I want to remove ':' from error_type column. How can i do that? Just went tru all the reviews and finally came out with this.
select case when
replace( trim(translate( substr( error_type, instr(rtrim(error_type),'',-1)+1 ), ':','')), '0', '' ) is null
then substr( error_type, 1, instr(rtrim(error_type),'',-1) )
else error_type
end error_type
from pcbq2;
But unfortunately nothing came out. I think I misunderstood the concept.Can somebody please help me out?
Thanks for your help in advance.
January 01, 2006 - 11:06 am UTC
why not just
replace( error_type, ':', '' )
??
u r great!
A reader, January 01, 2006 - 9:57 pm UTC
yeah, i should think of that. You are totally awesome!!

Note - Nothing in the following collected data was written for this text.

Definition secA_g (u : 'I_n -> R) : Aidx -> R :=
  fun al => match al with inr a => u a | inl _ => 0 end.
Definition secA_T (i : 'I_l) : Aidx -> R :=
  fun al => match al with inl j => (j == i)%:R | inr _ => 0 end.
Definition bivA_g (B : 'I_n -> 'I_n -> R) : Aidx -> Aidx -> R :=
  fun al be => match al, be with inr a, inr b => B a b | _, _ => 0 end.

Definition Lambda (r : 'rV[R]_l -> 'I_n -> 'I_n -> R) : 'rV[R]_l -> Aidx -> Aidx -> R :=
  fun x al be => \sum_(i < l) wedge2 (secA_g (hv i)) (secA_T i) al be
                 + bivA_g (r x) al be.

End DynamicalRMatrix.

(* In the frame (d/dlambda^i, e_a) of A the bivector Lambda has constant
   mixed components (+/- h_i) and g-components r, and the anchor only sees
   the d/dlambda^i.  Reading off the components of [Lambda, Lambda]:
   - with three g-indices one gets twice the left-hand side of the CDYBE;
   - with one index d/dlambda^j and two g-indices one gets -2 ad_{h_j} r,
     which vanishes for all j exactly when r has zero weight;
   - with two indices d/dlambda^i, d/dlambda^j one gets 2 [h_i, h_j] = 0,
     and with three such indices 0.
   By antisymmetry of the components this covers every component. *)

From mathcomp Require Import all_boot all_order all_algebra.
From mathcomp Require Import all_classical all_reals all_analysis.
From mathcomp Require Import ring.
Import GRing.Theory Num.Theory.

Set Implicit Arguments.
Unset Strict Implicit.
Unset Printing Implicit Defensive.

Local Open Scope ring_scope.

Section Alt3.
Variables (R : comRingType) (I : finType).
Implicit Types (A B : I -> I -> I -> R).

Lemma eq_alt3 A B :
  (forall e b d, A e b d = B e b d) -> forall p q s, alt3 A p q s = alt3 B p q s.
Proof. by move=> eqAB p q s; rewrite /alt3 !eqAB. Qed.

Lemma alt3D A B p q s :
  alt3 (fun e b d => A e b d + B e b d) p q s = alt3 A p q s + alt3 B p q s.
Proof. by rewrite /alt3; ring. Qed.

Lemma alt3Z (a : R) A p q s :
  alt3 (fun e b d => a * A e b d) p q s = a * alt3 A p q s.
Proof. by rewrite /alt3; ring. Qed.

Lemma alt3_sum (J : finType) (F : J -> I -> I -> I -> R) p q s :
  alt3 (fun e b d => \sum_j F j e b d) p q s = \sum_j alt3 (F j) p q s.
Proof. by rewrite /alt3 !sumrB !big_split. Qed.

Lemma alt3_cycle A p q s : alt3 A p q s = alt3 A q s p.
Proof. by rewrite /alt3; ring. Qed.

Lemma alt3_wedge12 (h : I -> R) (D : I -> I -> R) p q s :
  (forall a b, D a b = - D b a) ->
  alt3 (fun k b d => h d * D k b - h b * D k d) p q s = 4 * wedge12 h D p q s.
Proof.
by move=> Danti; rewrite /alt3 /wedge12 (Danti q p) (Danti s q) (Danti p s); ring.
Qed.

End Alt3.

Section LieBracket.
Variables (R : comRingType) (n : nat) (c : 'I_n -> 'I_n -> 'I_n -> R).
Implicit Types (u v : 'I_n -> R).

Lemma lie_br_anti (c_anti : forall a b k, c a b k = - c b a k) u v k :
  lie_br c u v k = - lie_br c v u k.
Proof.
rewrite /lie_br exchange_big -sumrN; apply: eq_bigr => a _.
by rewrite -sumrN; apply: eq_bigr => b _; rewrite c_anti; ring.
Qed.

Lemma lie_brNr u v k : lie_br c u (fun a => - v a) k = - lie_br c u v k.
Proof.
rewrite /lie_br -sumrN; apply: eq_bigr => a _.
by rewrite -sumrN; apply: eq_bigr => b _; ring.
Qed.

Lemma lie_br_sumr (u : 'I_n -> R) (F : 'I_n -> R) p :
  \sum_k lie_br c u (basis_vec R k) p * F k = lie_br c u F p.
Proof.
rewrite /lie_br; under eq_bigr do rewrite mulr_suml.
rewrite exchange_big; apply: eq_bigr => a _; under eq_bigr do rewrite mulr_suml.
rewrite exchange_big; apply: eq_bigr => b _.
rewrite (bigD1 b) //= /basis_vec eqxx big1 ?addr0 => [|k /negbTE]; last first.
  by rewrite eq_sym => ->; rewrite mulr0 !mul0r.
by rewrite mulr1; ring.
Qed.

Lemma ad_bivE (h : 'I_n -> R) (B : 'I_n -> 'I_n -> R) p q :
  ad_biv c h B p q = lie_br c h (fun k => B k q) p + lie_br c h (B p) q.
Proof.
rewrite /ad_biv lie_br_sumr -[lie_br c h (B p) q]lie_br_sumr; congr (_ + _).
by apply: eq_bigr => k _; rewrite mulrC.
Qed.

Lemma lie_br_suml (m : nat) (y : 'I_m -> R) (h : 'I_m -> 'I_n -> R) v k :
  lie_br c (fun a => \sum_i y i * h i a) v k = \sum_i y i * lie_br c (h i) v k.
Proof.
rewrite /lie_br; under [RHS]eq_bigr do rewrite mulr_sumr.
rewrite [RHS]exchange_big; apply: eq_bigr => a _; under [RHS]eq_bigr do rewrite mulr_sumr.
rewrite [RHS]exchange_big; apply: eq_bigr => b _.
by rewrite !mulr_suml; apply: eq_bigr => i _; ring.
Qed.

End LieBracket.

Lemma sum_delta (R : pzSemiRingType) m (F : 'I_m -> R) j :
  \sum_i (j == i)%:R * F i = F j.
Proof.
rewrite (bigD1 j) //= eqxx mul1r big1 ?addr0 // => i /negbTE.
by rewrite eq_sym => ->; rewrite mul0r.
Qed.

Lemma zero_weightP (R : realType) (n l : nat) c (hv : 'I_l -> 'I_n -> R) r :
  zero_weight c hv r <-> forall j x p q, ad_biv c (hv j) (r x) p q = 0.
Proof.
split=> [zw j x p q | ad0 y x p q].
  by have := zw (fun i => (j == i)%:R) x p q; under eq_fun do rewrite sum_delta.
rewrite ad_bivE !lie_br_suml -big_split big1 // => i _.
by rewrite /= -mulrDr -ad_bivE ad0 mulr0.
Qed.

Section Partial.
Variables (R : realType) (l : nat) (i : 'I_l).

Lemma partial_eq_cst (f : 'rV[R]_l -> R) a x :
  (forall y, f y = a) -> partial i f x = 0.
Proof.
by move=> fa; rewrite (_ : f = cst a) ?/partial ?derive_cst //; apply: funext.
Qed.

Lemma partialN (f g : 'rV[R]_l -> R) x :
  (forall y, f y = - g y) -> differentiable g x ->
  partial i f x = - partial i g x.
Proof.
move=> fNg dg; rewrite (_ : f = - g); last exact: funext.
by rewrite /partial deriveN //; apply: diff_derivable.
Qed.

End Partial.

Section SchoutenLambda.
Variables (R : realType) (n l : nat) (c : 'I_n -> 'I_n -> 'I_n -> R).
Variables (hv : 'I_l -> 'I_n -> R) (r : 'rV[R]_l -> 'I_n -> 'I_n -> R).
Local Notation Aidx := (Aidx n l).
Local Notation Lam := (Lambda hv r).

Lemma sum_Aidx (F : Aidx -> R) :
  \sum_(al : Aidx) F al = \sum_i F (inl i) + \sum_a F (inr a).
Proof. exact: big_sumType. Qed.

Lemma sum_A_anchor (G : Aidx -> R) f x :
  \sum_(al : Aidx) G al * A_anchor al f x = \sum_i G (inl i) * partial i f x.
Proof. by rewrite sum_Aidx [X in _ + X]big1 ?addr0 // => a _; rewrite mulr0. Qed.

Lemma sum_A_struct_T (F : Aidx -> Aidx -> R) j :
  \sum_(al : Aidx) \sum_(ga : Aidx) F al ga * A_struct c al ga (inl j) = 0.
Proof.
by rewrite big1 // => al _; rewrite big1 // => ga _; case: al; case: ga => *;
  rewrite mulr0.
Qed.

Lemma sum_A_struct_g (F : Aidx -> Aidx -> R) k :
  \sum_(al : Aidx) \sum_(ga : Aidx) F al ga * A_struct c al ga (inr k) =
  \sum_a \sum_b F (inr a) (inr b) * c a b k.
Proof.
rewrite sum_Aidx big1 ?add0r => [|i _]; last first.
  by rewrite big1 // => ga _; rewrite mulr0.
apply: eq_bigr => a _; rewrite sum_Aidx big1 ?add0r // => i _.
by rewrite mulr0.
Qed.

Lemma Lambda_TT x i j : Lam x (inl i) (inl j) = 0.
Proof.
by rewrite /Lambda /wedge2 /= big1 ?addr0 // => k _; rewrite !mul0r subrr.
Qed.

Lemma Lambda_Tg x j a : Lam x (inl j) (inr a) = - hv j a.
Proof.
rewrite /Lambda /wedge2 /= addr0.
by under eq_bigr do rewrite mul0r sub0r mulrC; rewrite sumrN sum_delta.
Qed.

Lemma Lambda_gT x j a : Lam x (inr a) (inl j) = hv j a.
Proof.
rewrite /Lambda /wedge2 /= addr0.
by under eq_bigr do rewrite mulr0 subr0 mulrC; rewrite sum_delta.
Qed.

Lemma Lambda_gg x a b : Lam x (inr a) (inr b) = r x a b.
Proof.
by rewrite /Lambda /wedge2 /= big1 ?add0r // => k _; rewrite !mulr0 subrr.
Qed.

Definition schouten_density (P Q : 'rV[R]_l -> Aidx -> Aidx -> R) x
    (e b d : Aidx) : R :=
    \sum_(al : Aidx) \sum_(ga : Aidx) P x al b * Q x ga d * A_struct c al ga e
  + 2^-1 * \sum_(al : Aidx) P x al b * A_anchor al (fun y => Q y e d) x
  - 2^-1 * \sum_(ga : Aidx) Q x ga d * A_anchor ga (fun y => P y e b) x.

Lemma A_schoutenE P Q x p q s :
  A_schouten c P Q x p q s = alt3 (schouten_density P Q x) p q s.
Proof. by []. Qed.

Lemma A_schouten_cycle (P Q : 'rV[R]_l -> Aidx -> Aidx -> R) x p q s :
  A_schouten c P Q x p q s = A_schouten c P Q x q s p.
Proof. exact: alt3_cycle. Qed.

Lemma partial_Lambda_T i x j d : partial i (fun y => Lam y (inl j) d) x = 0.
Proof.
by apply: (@partial_eq_cst _ _ _ _ (Lam x (inl j) d)) => y; case: d => *;
  rewrite ?Lambda_TT ?Lambda_Tg.
Qed.

Lemma partial_Lambda_gT i x k j : partial i (fun y => Lam y (inr k) (inl j)) x = 0.
Proof. by apply: (@partial_eq_cst _ _ _ _ (hv j k)) => y; rewrite Lambda_gT. Qed.

Lemma density_T x j b d : schouten_density Lam Lam x (inl j) b d = 0.
Proof.
rewrite /schouten_density sum_A_struct_T !sum_A_anchor !big1 => [|i _|i _];
  by rewrite ?partial_Lambda_T !mulr0 ?add0r ?oppr0.
Qed.

Lemma density_ggg x k b d : schouten_density Lam Lam x (inr k) (inr b) (inr d) =
  \sum_a \sum_a' r x a b * r x a' d * c a a' k
  + 2^-1 * \sum_(i < l) (hv i d * partial i (fun y => r y k b) x
                         - hv i b * partial i (fun y => r y k d) x).
Proof.
have Lambda_gg_fun a a' : (fun y => Lam y (inr a) (inr a')) = fun y => r y a a'.
  by apply: funext => y; rewrite Lambda_gg.
rewrite /schouten_density sum_A_struct_g !sum_A_anchor !Lambda_gg_fun.
rewrite -addrA -mulrBr [in RHS]sumrB; congr (_ + _ * _).
  by apply: eq_bigr => a _; apply: eq_bigr => a' _; rewrite !Lambda_gg.
rewrite addrC; congr (_ + _); rewrite -sumrN; apply: eq_bigr => i _;
  by rewrite Lambda_Tg mulNr ?opprK.
Qed.

Lemma density_ggT x k b j : schouten_density Lam Lam x (inr k) (inr b) (inl j) =
  lie_br c (fun a => r x a b) (hv j) k.
Proof.
rewrite /schouten_density sum_A_struct_g !sum_A_anchor.
rewrite [X in _ + 2^-1 * X]big1 => [|i _]; last by rewrite partial_Lambda_gT mulr0.
rewrite [X in _ - 2^-1 * X]big1 => [|i _]; last by rewrite Lambda_TT mul0r.
rewrite mulr0 subr0 addr0.
by apply: eq_bigr => a _; apply: eq_bigr => a' _; rewrite Lambda_gg Lambda_gT.
Qed.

rtrim for a character string with '_'
Naresh, March 15, 2006 - 10:02 am UTC
Hi Tom,
Slightly different question (not trimming number but a string) -
I want to remove trailing pattern '_tas_d' from some strings.
In the below statements, why does the additional t vanish from 'account_tas_d' and 'agreement_tas_d':
SQL> select rtrim('address_name_tas_d', '_tas_d') from dual;
RTRIM('ADDRE
------------
address_name
SQL> select rtrim('account_tas_d', '_tas_d') from dual;
RTRIM(
------
accoun
SQL> select rtrim('agreement_tas_d', '_tas_d') from dual;
RTRIM('A
--------
agreemen
Thanks,
Naresh.
March 15, 2006 - 5:09 pm UTC
rtrim looks at the SET of characters "_tas_d"
ops$tkyte@ORA10GR2> select rtrim('address_name_tas_d', '_tas_d'),
2 rtrim('address_name_tas_d', 'd_sat' )
3 from dual;
RTRIM('ADDRE RTRIM('ADDRE
------------ ------------
address_name address_name
if you want to remove the trailing STRING _tas_d, you might use:
case when COL like '%\_tas\_d' escape '\'
then substr( COL, 1, length(col)-6)
else COL
end
Thank You!
Naresh, March 17, 2006 - 7:23 am UTC
Thank You Tom, the "case" works.
I encountered the escape syntax for the first time - very useful to know this.